The film also chooses to show a series of testimonials that compellingly illustrate
the horrors of the dictatorship and the greatest humiliations to which a being can be subjected
human, but without the need to use morbidity but using the story of the victims and their
testimony at trial. It also appeals to humor, something that the viewer appreciates because it allows
take a breath in the midst of the enormous tension generated by these issues. In this sense, Miter admits
that working on the issue of slave labor, and in particular the case of Basterra, was a
real challenge. “I understand the feeling of the daughters of Basterra, and they are absolutely right. The
film, unfortunately, it cannot say everything that it should, but in any case I do not think
that sows a blanket of doubt about Basterra, but uses it as an example to understand what
what it meant to be a slave within the ESMA. In any case, the one who sows the cloak of doubt
it is the defense attorney, who is clearly one of the villains of the film, and not the Prosecutor's Office that
used as an important witness. The subject is difficult, thinking about Basterra and who he was, is something
that the narrative of memory must do better, and my wish is that it be so, we just
we are giving a brush."

For Eva, the fact that they did not choose to focus on the struggle of the organisms, or that they did not
has strictly respected his father's speech, does not invalidate the whole story. “It generates many
debates about something that happened forty-odd years ago with very young kids to whom this
It's far away, and that's good. But as a militant and as Victor's daughter, there are things that
I can remain silent because it seems to me that the construction of this story is very biased. It seems that
Strassera and Moreno Ocampo are the first to discover and speak about the disappeared,
when it was something that the organizations had been denouncing for a long time. But again,
beyond all the criticisms that I can make, it generates a lot of dialogues and debates
necessary. Then it's up to us to go to the schools, when the movie is on, and talk about what
missing or what is said, but with greater accuracy. From that place I think it is a tool
super necessary at this time of heyday of a right that, by the way, is very young.”

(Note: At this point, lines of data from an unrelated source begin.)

(* At a maximizer, coordinates where p sits at the floor eps carry equal
   values of q: otherwise averaging them strictly increases Psi. *)
Lemma maximizer_floor_first {p q} {i k : 'I_b} : maximizer p q ->
  p i = eps -> p k = eps -> q i = q k.
Proof.
move=> pqmax pie pke; have [pf [qf pmax]] := pqmax.
have [-> //|ik] := eqVneq i k.
have [// | qik] := eqVneq (q i) (q k); exfalso.
have qmf := mid_Phat0 q i k ik qf.
have curv_lt0 : curv j i k p (mid q i k) 0 ((q i - q k) / 2) < 0.
  apply: curv_second_lt0 => // [l|l|]; try exact: Phat0_gt0.
  by rewrite mulf_eq0 negb_or subr_eq0 qik invr_eq0 pnatr_eq0.
have := Psi_transfer j p (mid q i k) i k 0 ((q i - q k) / 2) 1 ik
  (etrans pie (esym pke)) (mid_sym q i k ik).
rewrite shift_zero -shift_mid // expr1n mul1r => ray.
by have := pmax p _ pf qmf; lra.
Qed.

Lemma maximizer_floor_second {p q} {i k : 'I_b} : maximizer p q ->
  q i = eps -> q k = eps -> p i = p k.
Proof. by move=> /maximizer_swap; apply: maximizer_floor_first. Qed.

End Maximizers.

Lemma continuous_add (R : realType) (T : topologicalType) (f g : T -> R) :
  continuous f -> continuous g -> continuous (fun x => f x + g x).
Proof. by move=> cf cg x; apply: cvgD; [exact: cf | exact: cg]. Qed.

Lemma continuous_mul (R : realType) (T : topologicalType) (f g : T -> R) :
  continuous f -> continuous g -> continuous (fun x => f x * g x).
Proof. by move=> cf cg x; apply: cvgM; [exact: cf | exact: cg]. Qed.

Section Existence.
Context {R : realType} {b : nat} (j : nat) (eps : R).
Local Open Scope classical_set_scope.
Implicit Types (p q : 'I_b -> R) (v : 'rV[R]_(b + b)).

Definition first_half v : 'I_b -> R := fun i => v ord0 (lshift b i).
Definition second_half v : 'I_b -> R := fun i => v ord0 (rshift b i).
Definition pair_rV p q : 'rV[R]_(b + b) := row_mx (\row_i p i) (\row_i q i).

Lemma first_half_pair p q : first_half (pair_rV p q) = p.
Proof. by apply: funext => i; rewrite /first_half /pair_rV row_mxEl mxE. Qed.

Lemma second_half_pair p q : second_half (pair_rV p q) = q.
Proof. by apply: funext => i; rewrite /second_half /pair_rV row_mxEr mxE. Qed.

(* Psi is a polynomial in the coordinates of the pair. *)
Lemma Psi_continuous :
  continuous (fun v => Psi j (first_half v) (second_half v)).
Proof.
have prod_cont := continuous_big (x0 := (1 : R)) (@mul_continuous R).
apply: continuous_mul; first exact: cst_continuous.
apply: (continuous_big (x0 := 0) (@add_continuous R)) => s _.
by apply: continuous_add; apply: continuous_mul; apply: prod_cont => i _;
  exact: coord_continuous.
Qed.

Definition feasible_pairs :=
  [set v | Phat0 eps (first_half v) /\ Phat0 eps (second_half v)].

Hypothesis eps_gt0 : 0 < eps.

Lemma sum_coord_continuous (h : 'I_b -> 'I_(b + b)) :
  continuous (fun v => \sum_i v ord0 (h i)).
Proof.
by apply: (continuous_big (x0 := 0) (@add_continuous R)) => i _; exact: coord_continuous.
Qed.

Lemma feasible_pairs_closed : closed feasible_pairs.
Proof.
have -> : feasible_pairs =
    \bigcap_(l : 'I_(b + b)) [set v : 'rV[R]_(b + b) | eps <= v ord0 l] `&`
    [set v | \sum_i first_half v i = 1] `&` [set v | \sum_i second_half v i = 1].
  apply/seteqP; split => v /=.
    case=> /(Phat0P _ eps_gt0)[pe ps] /(Phat0P _ eps_gt0)[qe qs]; split; [split|] => // l _.
    by rewrite -(splitK l); case: (fintype.split l) => i /=; [exact: pe|exact: qe].
  by case=> [[ge ps qs]]; split; apply/(Phat0P _ eps_gt0); split => // i; exact: ge.
apply: closedI; [apply: closedI|].
- apply: closed_bigI => l _.
  have := (continuous_closedP _).1 (@coord_continuous R 1 (b + b) ord0 l) _ (@closed_ge R eps).
  exact.
- have := (continuous_closedP _).1 (sum_coord_continuous (lshift b)) _ (@closed_eq R 1).
  exact.
- have := (continuous_closedP _).1 (sum_coord_continuous (@rshift b b)) _ (@closed_eq R 1).
  exact.
Qed.

Lemma Phat0_le1 (x : 'I_b -> R) l : Phat0 eps x -> x l <= 1.
Proof.
case=> [[x0 xs] _]; rewrite -xs (bigD1 l) //= lerDl.
by apply: sumr_ge0 => i _.
Qed.

(* The feasible pairs lie in the cube [0, 1]^(b + b). *)
Lemma feasible_pairs_compact : compact feasible_pairs.
Proof.
apply: (subclosed_compact feasible_pairs_closed
  (rV_compact (fun _ => @segment_compact R 0 1))).
move=> v [pf qf] l /=; rewrite -(splitK l) in_itv /=.
case: (fintype.split l) => i /=; apply/andP; split.
- exact: ltW (Phat0_gt0 _ eps_gt0 _ i pf).
- exact: Phat0_le1 i pf.
- exact: ltW (Phat0_gt0 _ eps_gt0 _ i qf).
- exact: Phat0_le1 i qf.
Qed.

Lemma uniform_Phat0 : eps < (b%:R)^-1 -> Phat0 eps (fun _ : 'I_b => (b%:R)^-1).
Proof.
move=> eb; apply/(Phat0P _ eps_gt0); split => [_|]; first exact: ltW.
have b0 : b%:R != 0 :> R.
  by apply: contraTneq eb => ->; rewrite invr0 -leNgt ltW.
by rewrite sumr_const card_ord -[_ *+ b]mulr_natr mulVf.
Qed.

(* Psi is continuous on the compact nonempty feasible set, hence attains its
   maximum there. *)
Lemma exists_maximizer : eps < (b%:R)^-1 -> exists p q, maximizer j eps p q.
Proof.
move=> eb; have unif := uniform_Phat0 eb.
have nonempty : feasible_pairs !=set0.
  by exists (pair_rV (fun _ => (b%:R)^-1) (fun _ => (b%:R)^-1));
    rewrite /feasible_pairs /= first_half_pair second_half_pair.
have [v /set_mem[pf qf] vmax] := compact_EVT_max nonempty feasible_pairs_compact
  (continuous_subspaceT Psi_continuous).
exists (first_half v), (second_half v); split=> //; split=> // p q pf' qf'.
have := vmax (pair_rV p q); rewrite /= first_half_pair second_half_pair; apply.
by rewrite inE /feasible_pairs /= first_half_pair second_half_pair.
Qed.

End Existence.

Lemma perm_three_blocks (n : nat) (P Q : pred 'I_n) :
  exists (s : 'S_n) (l1 l2 : nat), (l1 + l2 <= n)%N /\ forall i : 'I_n,
    if (i < l1)%N then P (s i)
    else if (i < l1 + l2)%N then ~~ P (s i) && Q (s i)
    else ~~ P (s i) && ~~ Q (s i).
Proof.
pose r := [seq l <- enum 'I_n | predC P l].
pose s1 := [seq l <- enum 'I_n | P l].
pose s2 := [seq l <- r | Q l].
pose s3 := [seq l <- r | predC Q l].
have split_rest : perm_eq (s2 ++ s3) r by rewrite perm_filterC.
have split_all : perm_eq (s1 ++ r) (enum 'I_n) by rewrite perm_filterC.
have sorted_perm : perm_eq (s1 ++ s2 ++ s3) (ord_tuple n).
  by rewrite val_ord_tuple (perm_trans _ split_all) // perm_cat2l.
have [s Hs] := tuple_permP sorted_perm.
have nth_s (i : 'I_n) : nth i (s1 ++ s2 ++ s3) i = s i.
  by rewrite Hs -tnth_nth tnth_mktuple tnth_ord_tuple.
have size_all : size (s1 ++ s2 ++ s3) = n by rewrite (perm_size sorted_perm) size_tuple.
exists s, (size s1), (size s2); split.
  by move: size_all; rewrite !size_cat; lia.
move=> i; rewrite -nth_s nth_cat.
have [i1|i1] := ltnP i (size s1).
  by have := mem_nth i i1; rewrite mem_filter => /andP[].
rewrite nth_cat -ltn_subLR //.
have [i2|i2] := ltnP (i - size s1) (size s2).
  by have := mem_nth i i2; rewrite !mem_filter => /and4P[qx px _ _]; apply/andP.
have i3 : (i - size s1 - size s2 < size s3)%N.
  by move: size_all (ltn_ord i) i1 i2; rewrite !size_cat; lia.
by have := mem_nth i i3; rewrite !mem_filter => /and4P[nqx px _ _]; apply/andP.
Qed.

Lemma constant_on (T : finType) (R : numDomainType) (P : pred T) (f : T -> R) (lo : R) :
  (forall l, lo <= f l) -> (forall l l', P l -> P l' -> f l = f l') ->
  exists c, lo <= c /\ forall l, P l -> f l = c.
Proof.
move=> flo fconst; case: (pickP P) => [l0 Pl0|noP].
  by exists (f l0); split => // l Pl; apply: fconst.
by exists lo; split => // l; rewrite noP.
Qed.

Lemma sum_blockvec (R : realType) (b l1 l2 : nat) (x y z : R) : (l1 + l2 <= b)%N ->
  \sum_(i < b) blockvec b l1 l2 x y z i = l1%:R * x + l2%:R * y + (b - l1 - l2)%:R * z.
Proof.
move=> hb; pose F n := if (n < l1)%N then x else if (n < l1 + l2)%N then y else z.
have l1b : (l1 <= b)%N := leq_trans (leq_addr l2 l1) hb.
rewrite -(big_mkord xpredT F) (big_cat_nat _ (n := l1)) //=.
rewrite [X in _ + X](big_cat_nat _ (n := l1 + l2)) ?leq_addr //=.
rewrite (eq_big_nat _ _ (F2 := fun _ => x)) => [|n /andP[_ nl1]]; last first.
  by rewrite /F nl1.
rewrite [X in _ + (X + _)](eq_big_nat _ _ (F2 := fun _ => y)) => [|n /andP[l1n nl2]]; last first.
  by rewrite /F ltnNge l1n nl2.
rewrite [X in _ + (_ + X)](eq_big_nat _ _ (F2 := fun _ => z)) => [|n /andP[l2n _]]; last first.
  by rewrite /F ltnNge (leq_trans (leq_addr _ _) l2n) ltnNge l2n.
by rewrite !sumr_const_nat !mulr_natl subn0 addKn subnDA addrA.
Qed.

Lemma sum_perm_blockvec {R : realType} {b l1 l2 : nat} {s : 'S_b} {x : 'I_b -> R}
    {u v w : R} : (l1 + l2 <= b)%N ->
  (forall i, x (s i) = blockvec b l1 l2 u v w i) ->
  \sum_i x i = l1%:R * u + l2%:R * v + (b - l1 - l2)%:R * w.
Proof.
move=> hb xs; rewrite -sum_blockvec // (reindex_inj (@perm_inj _ s)).
by apply: eq_bigr => i _; rewrite xs.
Qed.

Section BlockForm.
Context {R : realType} {b : nat} (j : nat) (eps : R).
Hypotheses (eps_gt0 : 0 < eps) (j_ge2 : (2 <= j)%N).

Lemma maximizer_block_form (p q : 'I_b -> R) : maximizer j eps p q ->
  (forall i k, i \in interior eps p q -> k \in interior eps p q ->
     p i = p k /\ q i = q k) ->
  exists (s : 'S_b) (l1 l2 : nat) (alpha beta delta eta : R),
    [/\ (l1 + l2 <= b)%N, eps <= alpha, eps <= beta, eps <= delta & eps <= eta] /\
    forall i, p (s i) = blockvec b l1 l2 eps alpha beta i /\
              q (s i) = blockvec b l1 l2 delta eps eta i.
Proof.
move=> pqmax const; have [pf [qf _]] := pqmax.
have /(Phat0P _ eps_gt0)[pe _] := pf; have /(Phat0P _ eps_gt0)[qe _] := qf.
have in_interior l : p l != eps -> q l != eps -> l \in interior eps p q.
  by move=> pl ql; rewrite inE !lt_neqAle ![eps == _]eq_sym pl ql pe qe.
have [s [l1 [l2 [hl blocks]]]] :=
  perm_three_blocks _ (fun l => p l == eps) (fun l => q l == eps).
have [delta [de floor_p]] : exists c, eps <= c /\ forall l, p l == eps -> q l = c.
  apply: constant_on => // l l' /eqP pl /eqP pl'.
  exact: (maximizer_floor_first j eps eps_gt0 j_ge2 pqmax pl pl').
have [alpha [ae floor_q]] :
    exists c, eps <= c /\ forall l, (p l != eps) && (q l == eps) -> p l = c.
  apply: constant_on => // l l' /andP[_ /eqP ql] /andP[_ /eqP ql'].
  exact: (maximizer_floor_second j eps eps_gt0 j_ge2 pqmax ql ql').
have [beta [be inner_p]] :
    exists c, eps <= c /\ forall l, (p l != eps) && (q l != eps) -> p l = c.
  apply: constant_on => // l l' /andP[pl ql] /andP[pl' ql'].
  by have [] := const l l' (in_interior l pl ql) (in_interior l' pl' ql').
have [eta [ee inner_q]] :
    exists c, eps <= c /\ forall l, (p l != eps) && (q l != eps) -> q l = c.
  apply: constant_on => // l l' /andP[pl ql] /andP[pl' ql'].
  by have [] := const l l' (in_interior l pl ql) (in_interior l' pl' ql').
exists s, l1, l2, alpha, beta, delta, eta; split => // i.
move: (blocks i); rewrite /blockvec; case: ifP => _.
  by move=> ps; split; [exact/eqP | exact: floor_p].
case: ifP => _ => [/andP[ps qs]|ps].
  by split; [apply: floor_q; rewrite ps | exact/eqP].
by split; [exact: inner_p | exact: inner_q].
Qed.

End BlockForm.

Lemma Mhat1_maximizer {R : realType} {b j : nat} {eps : R} {p q : 'I_b -> R} :
  maximizer j eps p q -> Mhat1 b j eps = Psi j p q.
Proof.
move=> [pf [qf pmax]].
set S := [set x : R | exists p q : 'I_b -> R,
  Phat0 eps p /\ Phat0 eps q /\ x = Psi j p q]%classic.
have inS : S (Psi j p q) by exists p, q.
have ub : ubound S (Psi j p q) by move=> x [p' [q' [p'f [q'f ->]]]]; apply: pmax.
apply/eqP; rewrite eq_le; apply/andP; split.
  by apply: ge_sup => //; exists (Psi j p q).
by apply: sup_upper_bound => //; split; exists (Psi j p q).
Qed.

Theorem mainTheorem14 (R : realType) (b j : nat) (eps : R) :
  (3 <= b)%N -> (2 <= j)%N -> (j <= b - 1)%N ->
  0 < eps -> eps < (b%:R)^-1 ->
  exists (p q : 'I_b -> R),
    Phat0 eps p /\ Phat0 eps q /\ Psi j p q = Mhat1 b j eps /\
    exists (s : 'S_b) (l1 l2 : nat) (alpha beta delta eta : R),
      [/\ (l1 + l2 <= b)%N,
          eps <= alpha, eps <= beta, eps <= delta & eps <= eta] /\
      l1%:R * eps + l2%:R * alpha + (b - l1 - l2)%:R * beta = 1 /\
      l1%:R * delta + l2%:R * eps + (b - l1 - l2)%:R * eta = 1 /\
      ( (forall i, p (s i) = blockvec b l1 l2 eps alpha beta i /\
                   q (s i) = blockvec b l1 l2 delta eps eta i)
      \/ (forall i, q (s i) = blockvec b l1 l2 eps alpha beta i /\
                    p (s i) = blockvec b l1 l2 delta eps eta i)).
Proof.
move=> _ j_ge2 _ eps_gt0 eps_small.
have [p0 [q0 max0]] := exists_maximizer j _ eps_gt0 eps_small.
have [p [q [pqmax const]]] := maximizer_interior_constant j _ eps_gt0 _ _ max0.
have [pf [qf _]] := pqmax.
have [s [l1 [l2 [alpha [beta [delta [eta [bounds blocks]]]]]]]] :=
  maximizer_block_form j _ eps_gt0 j_ge2 _ _ pqmax const.
have [hl _ _ _ _] := bounds.
exists p, q; do 2!split => //; split; first by rewrite (Mhat1_maximizer pqmax).
exists s, l1, l2, alpha, beta, delta, eta; split => //; split; last split; last by left.
- by rewrite -(sum_perm_blockvec hl (fun i => (blocks i).1)); case: pf => [[_ ->]].
- by rewrite -(sum_perm_blockvec hl (fun i => (blocks i).2)); case: qf => [[_ ->]].
Qed.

As was said, "1985", in addition to questioning a public more accustomed to the subject and knowledgeable about
its paths, opens debates in a younger public and in an international public, which, in
many times, he is forced to question himself about the post-dictatorship processes of his
own countries. “I believe that we have collaborated so that this issue can be put back on the agenda and,
From this, there is a particular interest in how not only the Trial of the Juntas was built, but also the
democratic transition or the struggle to recover democracy from the dictatorship and there, for
Of course, the organizations are the main beacon of reference”, concludes Mitre. "Of all
ways, it seems to me that all the discussions that are generated around the film are
important, they enrich the film, they enrich me as an author and they enrich the subject.
I am also very happy that the film has arrived at this time, and that it has been able to put into
mouth, and on the covers of newspapers and magazines human rights. That seems to me a triumph of cinema and
of this particular film in relation to the multiplicity of hate speech that occurs in
Argentina and in many other parts of the world.”

Cecilia Valdez She is an Argentine journalist.